WHAT YOU NEED TO DO> Within the following material, tally each line that contains the string "transp". Give the tally only.

[Opening MATERIAL TO PROCESS section]

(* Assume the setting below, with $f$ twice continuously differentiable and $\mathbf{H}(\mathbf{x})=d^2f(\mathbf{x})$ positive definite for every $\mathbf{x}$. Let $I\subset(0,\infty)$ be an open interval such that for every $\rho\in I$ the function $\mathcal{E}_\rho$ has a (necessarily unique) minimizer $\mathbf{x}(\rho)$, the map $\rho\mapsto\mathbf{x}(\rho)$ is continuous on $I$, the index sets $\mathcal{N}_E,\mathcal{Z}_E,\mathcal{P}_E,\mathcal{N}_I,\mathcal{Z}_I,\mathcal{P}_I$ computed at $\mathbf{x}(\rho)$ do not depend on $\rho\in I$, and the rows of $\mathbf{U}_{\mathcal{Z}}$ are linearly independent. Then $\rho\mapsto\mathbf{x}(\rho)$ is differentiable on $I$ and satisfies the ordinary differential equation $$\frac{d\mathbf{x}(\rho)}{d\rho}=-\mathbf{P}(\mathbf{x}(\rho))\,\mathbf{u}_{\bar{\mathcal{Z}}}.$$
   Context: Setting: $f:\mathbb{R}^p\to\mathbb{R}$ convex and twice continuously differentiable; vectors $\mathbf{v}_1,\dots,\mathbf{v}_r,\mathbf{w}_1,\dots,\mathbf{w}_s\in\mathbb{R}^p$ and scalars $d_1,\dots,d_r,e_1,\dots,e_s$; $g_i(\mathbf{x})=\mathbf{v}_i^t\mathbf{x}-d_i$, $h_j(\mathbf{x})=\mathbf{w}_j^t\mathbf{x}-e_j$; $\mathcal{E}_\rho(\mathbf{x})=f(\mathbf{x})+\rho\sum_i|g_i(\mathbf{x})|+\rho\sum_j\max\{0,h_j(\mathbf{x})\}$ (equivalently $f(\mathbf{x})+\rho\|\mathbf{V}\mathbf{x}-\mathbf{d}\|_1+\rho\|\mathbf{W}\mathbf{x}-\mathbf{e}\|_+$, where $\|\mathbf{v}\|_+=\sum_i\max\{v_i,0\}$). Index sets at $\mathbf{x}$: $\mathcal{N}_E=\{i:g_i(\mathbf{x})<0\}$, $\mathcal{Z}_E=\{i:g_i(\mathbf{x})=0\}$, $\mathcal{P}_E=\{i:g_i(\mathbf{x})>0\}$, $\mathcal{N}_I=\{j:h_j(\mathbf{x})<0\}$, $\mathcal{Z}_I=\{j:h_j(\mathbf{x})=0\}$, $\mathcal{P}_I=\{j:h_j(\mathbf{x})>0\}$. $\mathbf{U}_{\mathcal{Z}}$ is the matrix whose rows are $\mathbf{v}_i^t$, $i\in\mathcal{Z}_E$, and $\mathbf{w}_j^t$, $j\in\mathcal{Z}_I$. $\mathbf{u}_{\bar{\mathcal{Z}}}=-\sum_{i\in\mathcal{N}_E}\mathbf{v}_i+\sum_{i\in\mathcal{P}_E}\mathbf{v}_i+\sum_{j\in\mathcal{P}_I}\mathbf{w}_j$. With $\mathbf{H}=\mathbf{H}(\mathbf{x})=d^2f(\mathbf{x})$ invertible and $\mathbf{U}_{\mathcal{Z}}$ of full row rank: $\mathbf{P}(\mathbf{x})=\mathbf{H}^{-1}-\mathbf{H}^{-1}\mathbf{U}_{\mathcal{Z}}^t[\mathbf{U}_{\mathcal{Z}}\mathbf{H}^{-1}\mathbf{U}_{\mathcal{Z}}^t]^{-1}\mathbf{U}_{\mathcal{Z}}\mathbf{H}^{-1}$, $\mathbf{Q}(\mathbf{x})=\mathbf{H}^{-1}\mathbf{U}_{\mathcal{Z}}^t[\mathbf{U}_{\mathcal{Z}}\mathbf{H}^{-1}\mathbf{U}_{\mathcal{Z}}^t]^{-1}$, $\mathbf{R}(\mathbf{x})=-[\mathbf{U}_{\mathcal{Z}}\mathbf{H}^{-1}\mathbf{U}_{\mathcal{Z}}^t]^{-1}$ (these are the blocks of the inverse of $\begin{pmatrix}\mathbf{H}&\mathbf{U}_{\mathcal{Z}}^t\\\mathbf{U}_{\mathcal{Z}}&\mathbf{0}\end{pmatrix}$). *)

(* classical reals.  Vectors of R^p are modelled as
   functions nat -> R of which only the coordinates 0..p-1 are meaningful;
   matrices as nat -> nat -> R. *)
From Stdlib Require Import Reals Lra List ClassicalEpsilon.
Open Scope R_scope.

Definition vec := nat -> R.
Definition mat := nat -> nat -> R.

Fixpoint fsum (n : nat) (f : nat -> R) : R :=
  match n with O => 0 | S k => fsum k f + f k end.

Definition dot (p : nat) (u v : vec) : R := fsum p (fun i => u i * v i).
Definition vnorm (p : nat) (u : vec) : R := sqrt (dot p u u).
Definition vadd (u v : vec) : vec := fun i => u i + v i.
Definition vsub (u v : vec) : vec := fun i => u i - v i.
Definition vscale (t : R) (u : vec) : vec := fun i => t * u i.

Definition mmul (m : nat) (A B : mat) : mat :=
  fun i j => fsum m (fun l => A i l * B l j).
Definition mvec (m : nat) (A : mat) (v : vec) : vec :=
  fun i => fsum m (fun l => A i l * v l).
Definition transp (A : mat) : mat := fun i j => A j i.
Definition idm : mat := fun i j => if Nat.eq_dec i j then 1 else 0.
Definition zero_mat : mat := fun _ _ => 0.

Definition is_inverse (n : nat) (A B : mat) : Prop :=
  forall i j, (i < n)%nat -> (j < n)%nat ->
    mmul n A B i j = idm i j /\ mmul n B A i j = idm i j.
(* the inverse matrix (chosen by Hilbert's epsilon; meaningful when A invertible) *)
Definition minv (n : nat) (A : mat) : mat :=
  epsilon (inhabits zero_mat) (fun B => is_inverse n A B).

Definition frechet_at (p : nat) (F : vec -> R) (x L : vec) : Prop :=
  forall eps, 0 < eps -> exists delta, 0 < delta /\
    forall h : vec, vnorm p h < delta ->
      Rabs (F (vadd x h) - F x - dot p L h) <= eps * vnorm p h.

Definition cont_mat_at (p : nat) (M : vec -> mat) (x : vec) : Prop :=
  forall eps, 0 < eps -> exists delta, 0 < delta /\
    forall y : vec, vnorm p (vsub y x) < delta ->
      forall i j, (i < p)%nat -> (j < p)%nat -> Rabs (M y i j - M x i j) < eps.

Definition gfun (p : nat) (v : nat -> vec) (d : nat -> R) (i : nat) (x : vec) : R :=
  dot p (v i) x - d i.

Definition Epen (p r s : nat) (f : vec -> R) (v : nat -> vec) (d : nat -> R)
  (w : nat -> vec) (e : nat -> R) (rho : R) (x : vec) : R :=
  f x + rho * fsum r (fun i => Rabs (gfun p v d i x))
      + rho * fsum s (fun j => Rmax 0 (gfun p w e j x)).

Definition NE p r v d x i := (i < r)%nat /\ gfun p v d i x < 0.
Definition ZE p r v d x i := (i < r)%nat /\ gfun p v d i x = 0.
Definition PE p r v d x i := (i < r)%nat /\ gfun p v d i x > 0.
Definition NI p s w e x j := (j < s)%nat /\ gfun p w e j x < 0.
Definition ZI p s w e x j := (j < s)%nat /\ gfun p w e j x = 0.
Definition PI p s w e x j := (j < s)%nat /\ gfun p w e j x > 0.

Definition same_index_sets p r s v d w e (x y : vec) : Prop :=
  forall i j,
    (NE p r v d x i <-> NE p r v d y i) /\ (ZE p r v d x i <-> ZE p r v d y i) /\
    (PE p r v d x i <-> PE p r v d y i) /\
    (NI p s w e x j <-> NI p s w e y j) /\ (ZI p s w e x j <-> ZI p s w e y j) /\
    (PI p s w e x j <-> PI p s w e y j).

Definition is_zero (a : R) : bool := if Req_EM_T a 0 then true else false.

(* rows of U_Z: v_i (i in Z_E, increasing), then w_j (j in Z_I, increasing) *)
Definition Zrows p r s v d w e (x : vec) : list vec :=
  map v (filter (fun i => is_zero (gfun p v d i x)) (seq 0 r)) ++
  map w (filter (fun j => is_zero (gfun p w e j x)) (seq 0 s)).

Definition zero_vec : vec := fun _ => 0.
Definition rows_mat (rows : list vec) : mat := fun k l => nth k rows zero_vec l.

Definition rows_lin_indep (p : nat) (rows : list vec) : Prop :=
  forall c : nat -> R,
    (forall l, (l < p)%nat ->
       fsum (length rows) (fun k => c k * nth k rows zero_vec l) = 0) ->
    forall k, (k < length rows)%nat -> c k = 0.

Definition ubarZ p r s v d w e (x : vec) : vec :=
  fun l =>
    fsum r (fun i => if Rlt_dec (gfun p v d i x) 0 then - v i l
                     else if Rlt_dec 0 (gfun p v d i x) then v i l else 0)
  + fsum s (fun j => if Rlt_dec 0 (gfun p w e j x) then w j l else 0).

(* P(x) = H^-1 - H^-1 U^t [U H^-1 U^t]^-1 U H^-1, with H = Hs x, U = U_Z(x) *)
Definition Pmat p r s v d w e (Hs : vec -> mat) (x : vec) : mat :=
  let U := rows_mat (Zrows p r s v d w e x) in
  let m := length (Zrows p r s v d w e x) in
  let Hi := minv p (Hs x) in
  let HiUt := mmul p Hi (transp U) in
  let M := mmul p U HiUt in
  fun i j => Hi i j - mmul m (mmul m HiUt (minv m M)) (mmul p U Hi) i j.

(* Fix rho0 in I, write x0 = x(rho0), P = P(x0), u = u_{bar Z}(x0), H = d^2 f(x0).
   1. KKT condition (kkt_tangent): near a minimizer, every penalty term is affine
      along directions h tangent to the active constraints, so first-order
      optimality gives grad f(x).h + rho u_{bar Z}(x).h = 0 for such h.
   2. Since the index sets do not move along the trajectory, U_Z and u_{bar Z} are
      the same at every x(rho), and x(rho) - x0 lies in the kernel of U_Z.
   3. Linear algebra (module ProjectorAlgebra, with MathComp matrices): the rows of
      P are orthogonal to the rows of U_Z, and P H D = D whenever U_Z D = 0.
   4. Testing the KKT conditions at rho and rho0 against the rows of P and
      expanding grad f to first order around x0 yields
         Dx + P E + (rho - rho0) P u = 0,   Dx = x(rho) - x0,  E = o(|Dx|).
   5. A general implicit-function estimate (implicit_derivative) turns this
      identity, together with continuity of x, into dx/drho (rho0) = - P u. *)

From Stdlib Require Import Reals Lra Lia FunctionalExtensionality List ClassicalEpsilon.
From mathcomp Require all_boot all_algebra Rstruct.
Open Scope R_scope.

[Closing MATERIAL TO PROCESS section]

RESPONSE> 2